■ **Records supplied**:

******

Lemma frechet_comp f g x A B :
  frechet_at g x B -> frechet_at f (g x) A -> frechet_at (fun y => f (g y)) x (mulmm A B).
Proof.
move=> HB HA eps eps0.
have nA0 := mnorm_ge0 A; have nB0 := mnorm_ge0 B.
set nA := mnorm A in nA0 *; set nB := mnorm B in nB0 *.
have [d1 [d1p Lip]] := frechet_lipschitz HB.
have [d2 [d2p H2]] := HB (eps / 2 / (nA + 1)) ltac:(apply: Rdiv_lt_0_compat; lra).
have [d3 [d3p H3]] := HA (eps / 2 / (nB + 1)) ltac:(apply: Rdiv_lt_0_compat; lra).
exists (Rmin (Rmin d1 d2) (d3 / (nB + 1))); split.
  by apply: Rmin_glb_lt; [apply: Rmin_glb_lt|apply: Rdiv_lt_0_compat; lra].
move=> h /Rmin_Rgt [/Rmin_Rgt [h1 h2] h3].
have h0 := vnorm_ge0 h.
set k := vsub (g (vadd x h)) (g x).
have k1 : vnorm k <= (nB + 1) * vnorm h := Lip h h1.
have k3 : vnorm k < d3.
  apply: Rle_lt_trans k1 _.
  replace d3 with ((nB + 1) * (d3 / (nB + 1))) by (field; lra).
  by apply: Rmult_lt_compat_l; lra.
have -> : vsub (vsub (f (g (vadd x h))) (f (g x))) (mulmv (mulmm A B) h) =
   vadd (vsub (vsub (f (vadd (g x) k)) (f (g x))) (mulmv A k)) (mulmv A (vsub k (mulmv B h))).
  rewrite vadd_subrK mulmv_mulmm mulmv_sub; apply: functional_extensionality => i.
  by rewrite /vadd /vsub; ring.
apply: Rle_trans (vnorm_add_le _ _) _.
have T1 : eps / 2 / (nB + 1) * vnorm k <= eps / 2 * vnorm h.
  apply: (@Rle_trans _ (eps / 2 / (nB + 1) * ((nB + 1) * vnorm h))).
    by apply: Rmult_le_compat_l => //; apply: Rle_mult_inv_pos; lra.
  by right; field; lra.
have T2 : vnorm (mulmv A (vsub k (mulmv B h))) <= eps / 2 * vnorm h.
  apply: Rle_trans (vnorm_mulmv_le _ _) _.
  apply: (@Rle_trans _ (nA * (eps / 2 / (nA + 1) * vnorm h))).
    exact: Rmult_le_compat_l nA0 (H2 h h2).
  rewrite -Rmult_assoc; apply: Rmult_le_compat_r h0 _; apply: mul_div_succ_le; lra.
have := H3 k k3; lra.
Qed.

******

■ **Work order**: The answer should be exactly the lines from the one that contains "exact: Rmult_le_compat_l nA0 (H2 h h2)." through the end of the entries, both ends included, and nothing besides.

■ **Response to this task**:
    exact: Rmult_le_compat_l nA0 (H2 h h2).
  rewrite -Rmult_assoc; apply: Rmult_le_compat_r h0 _; apply: mul_div_succ_le; lra.
have := H3 k k3; lra.
Qed.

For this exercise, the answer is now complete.